Trial of CPX-351 in Newly Diagnosed Elderly AML Patients

This study has been completed.
Sponsor:
Information provided by (Responsible Party):
Celator Pharmaceuticals
ClinicalTrials.gov Identifier:
NCT00788892
First received: November 10, 2008
Last updated: May 16, 2012
Last verified: May 2012
  Purpose

The study investigates if CPX-351 will be a) more effective than the standard AML treatment and b) more tolerable than the standard AML treatment regimens.
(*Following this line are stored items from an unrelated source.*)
(* Let $\alpha\in(0,1/2)$ and $v\in\mathcal{C}^\alpha(\mathbb{R}^d)$. Assume that $I^{\mathrm{It\hat o}}_k(v,dv)$ converges uniformly to a limit $I^{\mathrm{It\hat o}}(v,dv)$ as $k\to\infty$. Then $[v,v]_k$ converges uniformly to a limit $[v,v]$. If moreover \[ C:=\sup_k\sup_{0\le m<m'\le2^k}\frac{\big|I^{\mathrm{It\hat o}}_k(v,dv)(m'2^{-k})-I^{\mathrm{It\hat o}}_k(v,dv)(m2^{-k})-v(m2^{-k})\big(v(m'2^{-k})-v(m2^{-k})\big)\big|}{|(m'-m)2^{-k}|^{2\alpha}}<\infty, \] then $[v,v]\in\mathcal{C}^{2\alpha}$ and $\|[v,v]\|_{2\alpha}\lesssim C+\|v\|_\alpha^2$.
   Context: For $p\in\mathbb{N}$, $1\le m\le2^p$: $t^0_{pm}=(m-1)2^{-p}$, $t^2_{pm}=m2^{-p}$. For continuous $f:[0,1]\to E$ the Schauder coefficients are $f_{-10}=f(0)$, $f_{00}=f(1)-f(0)$, $f_{p0}=0$ ($p\ge1$), $f_{pm}=2f((2m-1)2^{-p-1})-f((m-1)2^{-p})-f(m2^{-p})$ ($p\ge0,m\ge1$); $\|f\|_\alpha:=\sup_{p,m}2^{p\alpha}|f_{pm}|$, $\mathcal{C}^\alpha:=\{f\text{ continuous}:\|f\|_\alpha<\infty\}$ (for $\alpha\in(0,1)$ equal to the $\alpha$-Hölder space with equivalent norm). For $v=(v^1,\dots,v^d)$, $I^{\mathrm{It\hat o}}_k(v,dv)$ is the $d\times d$ matrix $(I^{\mathrm{It\hat o}}_k(v^i,dv^j))_{i,j}$ with \[ I^{\mathrm{It\hat o}}_k(g,dh)(t):=\sum_{m=1}^{2^k}g(t^0_{km})\big(h(t^2_{km}\wedge t)-h(t^0_{km}\wedge t)\big), \] $[v,v]_k:=([v^i,v^j]_k)_{i,j}$ with $[g,h]_k(t):=\sum_{m=1}^{2^k}(g(t^2_{km}\wedge t)-g(t^0_{km}\wedge t))(h(t^2_{km}\wedge t)-h(t^0_{km}\wedge t))$, and $v(s)(v(t)-v(s))$ denotes the matrix $(v^i(s)(v^j(t)-v^j(s)))_{i,j}$. *)

From Stdlib Require Import Reals.
Open Scope R_scope.

Fixpoint rsum (n : nat) (f : nat -> R) : R :=
  match n with O => 0 | S n' => rsum n' f + f n' end.

Definition dy (k j : nat) : R := INR j / 2 ^ k.

Definition cont01 (f : R -> R) : Prop :=
  forall t, 0 <= t <= 1 -> forall eps, 0 < eps -> exists delta, 0 < delta /\
    forall s, 0 <= s <= 1 -> Rabs (s - t) < delta -> Rabs (f s - f t) < eps.

Definition schauder_coef (f : R -> R) (p m : nat) : R :=
  2 * f (INR (2 * m - 1) / 2 ^ (S p)) - f (INR (m - 1) / 2 ^ p) - f (INR m / 2 ^ p).

(* holder_bound a f M  <->  ||f||_a <= M  (sup over all Schauder indices,
   including f_{-1,0} = f(0), f_{00} = f(1) - f(0), f_{p0} = 0 for p >= 1) *)
Definition holder_bound (a : R) (f : R -> R) (M : R) : Prop :=
  Rpower 2 (- a) * Rabs (f 0) <= M /\
  Rabs (f 1 - f 0) <= M /\
  0 <= M /\
  forall p m : nat, (1 <= m)%nat -> (m <= 2 ^ p)%nat ->
    Rpower 2 (INR p * a) * Rabs (schauder_coef f p m) <= M.

Definition in_C (a : R) (f : R -> R) : Prop :=
  cont01 f /\ exists M, holder_bound a f M.

(* Vector valued functions v : nat -> R -> R, components v i for i < d,
   with the max norm on R^d; matrix valued Q : nat -> nat -> R -> R with
   the max-entry norm on d x d matrices. *)
Definition vec_in_C (d : nat) (a : R) (v : nat -> R -> R) : Prop :=
  forall i, (i < d)%nat -> in_C a (v i).
Definition vec_holder_bound (d : nat) (a : R) (v : nat -> R -> R) (M : R) : Prop :=
  forall i, (i < d)%nat -> holder_bound a (v i) M.
Definition mat_in_C (d : nat) (a : R) (Q : nat -> nat -> R -> R) : Prop :=
  forall i j, (i < d)%nat -> (j < d)%nat -> in_C a (Q i j).
Definition mat_holder_bound (d : nat) (a : R) (Q : nat -> nat -> R -> R) (M : R) : Prop :=
  forall i j, (i < d)%nat -> (j < d)%nat -> holder_bound a (Q i j) M.

Definition ito_k (k : nat) (g h : R -> R) (t : R) : R :=
  rsum (2 ^ k) (fun j => g (dy k j) * (h (Rmin (dy k (S j)) t) - h (Rmin (dy k j) t))).

Definition qv_k (k : nat) (g h : R -> R) (t : R) : R :=
  rsum (2 ^ k) (fun j => (g (Rmin (dy k (S j)) t) - g (Rmin (dy k j) t))
                        * (h (Rmin (dy k (S j)) t) - h (Rmin (dy k j) t))).

Definition mat_unif_conv (d : nat) (F : nat -> nat -> nat -> R -> R)
    (L : nat -> nat -> R -> R) : Prop :=
  forall eps, 0 < eps -> exists N, forall k, (N <= k)%nat ->
    forall i j, (i < d)%nat -> (j < d)%nat -> forall t, 0 <= t <= 1 ->
      Rabs (F k i j t - L i j t) < eps.

Definition ito_mat (v : nat -> R -> R) : nat -> nat -> nat -> R -> R :=
  fun k i j => ito_k k (v i) (v j).
Definition qv_mat (v : nat -> R -> R) : nat -> nat -> nat -> R -> R :=
  fun k i j => qv_k k (v i) (v j).

Definition ito_ratio_bound (d : nat) (a : R) (v : nat -> R -> R) (C : R) : Prop :=
  forall k m m' : nat, (m < m')%nat -> (m' <= 2 ^ k)%nat ->
    forall i j, (i < d)%nat -> (j < d)%nat ->
      Rabs (ito_k k (v i) (v j) (dy k m') - ito_k k (v i) (v j) (dy k m)
            - v i (dy k m) * (v j (dy k m') - v j (dy k m)))
      <= C * Rpower (INR (m' - m) / 2 ^ k) (2 * a).

From Stdlib Require Import Reals Lra Lia.
Open Scope R_scope.

(* Summation by parts gives
     [g,h]_k = g h - g(0) h(0) - I_k(g,dh) - I_k(h,dg)    on [0,1],
   so [v,v]_k converges with I_k(v,dv).  On a dyadic interval [s,t] of level
   q <= k, the same identity writes the increment of [g,h]_k as
   (g t - g s)(h t - h s) minus two Ito remainders, each at most C 2^(-2 q a).
   The Schauder bound gives |g t - g s| <= 3 ||g||_a 2^(-q a), so every dyadic
   increment of [g,h]_k, hence of its uniform limit, is at most
   (9 ||v||_a^2 + 2 C) 2^(-2 q a); a Schauder coefficient of the limit is a
   sum of two such increments. *)

Lemma rsum_ext n f g : (forall j, (j < n)%nat -> f j = g j) -> rsum n f = rsum n g.
Proof.
  induction n as [|n IHn]; intros Hfg; simpl; [reflexivity|].
  rewrite IHn by (intros; apply Hfg; lia). rewrite Hfg by lia. reflexivity.
Qed.

Lemma rsum_plus n f g : rsum n (fun j => f j + g j) = rsum n f + rsum n g.
Proof. induction n as [|n IHn]; simpl; [ring|rewrite IHn; ring]. Qed.

Lemma rsum_telescope n F : rsum n (fun j => F (S j) - F j) = F n - F O.
Proof. induction n as [|n IHn]; simpl; [ring|rewrite IHn; ring]. Qed.

Lemma rsum_eq0 n f : (forall j, (j < n)%nat -> f j = 0) -> rsum n f = 0.
Proof.
  induction n as [|n IHn]; intros Hf; simpl; [reflexivity|].
  rewrite IHn by (intros; apply Hf; lia). rewrite Hf by lia. ring.
Qed.

Lemma Rle_of_le_plus_eps x B : (forall eps, 0 < eps -> x <= B + eps) -> x <= B.
Proof. intros H. destruct (Rle_dec x B); [assumption|]. specialize (H ((x - B) / 2)). lra. Qed.

Lemma pow2_pos k : 0 < 2 ^ k.
Proof. apply pow_lt; lra. Qed.

Lemma INR_pow2 k : INR (2 ^ k) = 2 ^ k.
Proof. rewrite pow_INR. reflexivity. Qed.

Lemma dy_ge0 k j : 0 <= dy k j.
Proof. unfold dy. apply Rmult_le_pos; [apply pos_INR|left; apply Rinv_0_lt_compat, pow2_pos]. Qed.

Lemma dy_le_S k j : dy k j <= dy k (S j).
Proof.
  unfold dy. apply Rmult_le_compat_r; [left; apply Rinv_0_lt_compat, pow2_pos|].
  apply le_INR; lia.
Qed.

Lemma dy_0 k : dy k 0 = 0.
Proof. unfold dy. simpl. field. apply pow_nonzero; lra. Qed.

Lemma dy_pow2 k : dy k (2 ^ k) = 1.
Proof. unfold dy. rewrite INR_pow2. field. apply pow_nonzero; lra. Qed.

Lemma dy_range q n : (n <= 2 ^ q)%nat -> 0 <= dy q n <= 1.
Proof.
  intros Hn. split; [apply dy_ge0|]. rewrite <- (dy_pow2 q).
  unfold dy. apply Rmult_le_compat_r; [left; apply Rinv_0_lt_compat, pow2_pos|].
  apply le_INR, Hn.
Qed.

Lemma dy_mul_pow2 q r n : dy (q + r) (n * 2 ^ r) = dy q n.
Proof.
  unfold dy. rewrite mult_INR, INR_pow2, pow_add. field.
  split; apply pow_nonzero; lra.
Qed.

Lemma dy_double q n : dy (S q) (2 * n) = dy q n.
Proof. rewrite <- (dy_mul_pow2 q 1 n), Nat.add_1_r, Nat.mul_comm. reflexivity. Qed.

Lemma Rpower_pos x y : 0 < Rpower x y.
Proof. apply exp_pos. Qed.

Lemma Rpower2_ge1 y : 0 <= y -> 1 <= Rpower 2 y.
Proof.
  intros [Hy|<-]; [|rewrite Rpower_O; lra].
  rewrite <- (Rpower_O 2) by lra. left. apply Rpower_lt; lra.
Qed.

(* [2^a <= sqrt 2 < 3/2]; this is what makes the constant 3 below self-reproducing. *)
Lemma Rpower2_le_3_2 a : a <= 1 / 2 -> Rpower 2 a <= 3 / 2.
Proof.
  intros Ha. assert (Hsq : Rpower 2 a * Rpower 2 a <= 2).
  { rewrite <- Rpower_plus. rewrite <- (Rpower_1 2) at 2 by lra.
    destruct (Req_dec (a + a) 1) as [->|Hne]; [lra|]. left; apply Rpower_lt; lra. }
  pose proof (Rpower_pos 2 a). nra.
Qed.

Lemma Rpower2_S q a : Rpower 2 (INR (S q) * a) = Rpower 2 a * Rpower 2 (INR q * a).
Proof. rewrite <- Rpower_plus. f_equal. rewrite S_INR. ring. Qed.

Lemma Rpower_inv_pow2 q a : Rpower (/ 2 ^ q) a * Rpower 2 (INR q * a) = 1.
Proof.
  unfold Rpower. rewrite <- exp_plus, ln_Rinv, ln_pow by (lra || apply pow2_pos).
  replace (a * - (INR q * ln 2) + INR q * a * ln 2) with 0 by ring. apply exp_0.
Qed.

Lemma schauder_coef_dy f q u : schauder_coef f q (S u) =
  2 * f (dy (S q) (S (2 * u))) - f (dy q u) - f (dy q (S u)).
Proof.
  unfold schauder_coef. replace (2 * S u - 1)%nat with (S (2 * u)) by lia.
  replace (S u - 1)%nat with u by lia. reflexivity.
Qed.

Lemma holder_bound_nonneg a f M : holder_bound a f M -> 0 <= M.
Proof. intros [_ [_ [HM _]]]. exact HM. Qed.

Lemma holder_bound_le a f M M' : holder_bound a f M -> M <= M' -> holder_bound a f M'.
Proof.
  intros [H0 [H1 [H2 Hcoef]]] HM. repeat split; try lra.
  intros p m Hm1 Hm2. specialize (Hcoef p m Hm1 Hm2). lra.
Qed.

Lemma Rabs_midpoint_increments x m y :
  Rabs (m - x) <= (Rabs (y - x) + Rabs (2 * m - x - y)) / 2 /\
  Rabs (y - m) <= (Rabs (y - x) + Rabs (2 * m - x - y)) / 2.
Proof. unfold Rabs; split; repeat destruct Rcase_abs; lra. Qed.

(* Induction on the level: a level-(q+1) increment is half the parent
   increment plus or minus half a level-q Schauder coefficient. *)
Lemma holder_bound_dyadic_increment a f M : a <= 1 / 2 -> holder_bound a f M ->
  forall q n, (S n <= 2 ^ q)%nat ->
  Rpower 2 (INR q * a) * Rabs (f (dy q (S n)) - f (dy q n)) <= 3 * M.
Proof.
  intros Ha Hf. pose proof (holder_bound_nonneg _ _ _ Hf) as HM.
  destruct Hf as [_ [H01 [_ Hcoef]]].
  pose proof (Rpower2_le_3_2 _ Ha). pose proof (Rpower_pos 2 a).
  induction q as [|q IHq]; intros n Hn.
  - assert (n = 0)%nat by (simpl in Hn; lia); subst n.
    change (dy 0 1) with (dy 0 (2 ^ 0)).
    rewrite Rmult_0_l, Rpower_O, dy_0, dy_pow2 by lra. lra.
  - rewrite Rpower2_S. set (w := Rpower 2 (INR q * a)) in *.
    assert (Hw : 0 < w) by apply Rpower_pos.
    assert (Hhalf : forall X c Y, Rabs Y <= (Rabs X + Rabs c) / 2 ->
              w * Rabs X <= 3 * M -> w * Rabs c <= M -> Rpower 2 a * w * Rabs Y <= 3 * M).
    { intros X c Y HY HX Hc. assert (w * Rabs Y <= 2 * M).
      { apply Rle_trans with (w * ((Rabs X + Rabs c) / 2)); [apply Rmult_le_compat_l|]; lra. }
      pose proof (Rabs_pos Y). nra. }
    destruct (Nat.Even_or_Odd n) as [[u ->]|[u ->]];
      assert (Hu : (S u <= 2 ^ q)%nat) by (simpl in Hn; lia);
      pose proof (Hcoef q (S u) ltac:(lia) Hu) as Hc; rewrite schauder_coef_dy in Hc;
      destruct (Rabs_midpoint_increments (f (dy q u)) (f (dy (S q) (S (2 * u))))
                  (f (dy q (S u)))) as [Hleft Hright].
    + rewrite dy_double. exact (Hhalf _ _ _ Hleft (IHq u Hu) Hc).
    + replace (S (2 * u + 1)) with (2 * S u)%nat by lia.
      replace (2 * u + 1)%nat with (S (2 * u)) by lia.
      rewrite dy_double. exact (Hhalf _ _ _ Hright (IHq u Hu) Hc).
Qed.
The study compares the investigational product CPX-351 vs the standard treatment for AML in this patients age group.


Condition Intervention Phase
Acute Myeloid Leukemia
Drug: CPX-351
Drug: Cytarabine + Daunorubicin - 7 and 3
Phase 2

Study Type: Interventional
Study Design: Allocation: Randomized
Endpoint Classification: Safety/Efficacy Study
Intervention Model: Parallel Assignment
Masking: Open Label
Primary Purpose: Treatment
Official Title: PHASE IIB, MULTICENTER, RANDOMIZED, OPEN LABEL TRIAL OF CPX-351 (CYTARABINE:DAUNORUBICIN) LIPOSOME INJECTION VERSUS CYTARABINE AND DAUNORUBICIN IN PATIENTS WITH UNTREATED AML 60-75 YEARS OF AGE.

Resource links provided by NLM:


Further study details as provided by Celator Pharmaceuticals:

Primary Outcome Measures:
  • Complete Remission Rate [ Time Frame: Following 1st induction, following 2nd induction if applicable ] [ Designated as safety issue: No ]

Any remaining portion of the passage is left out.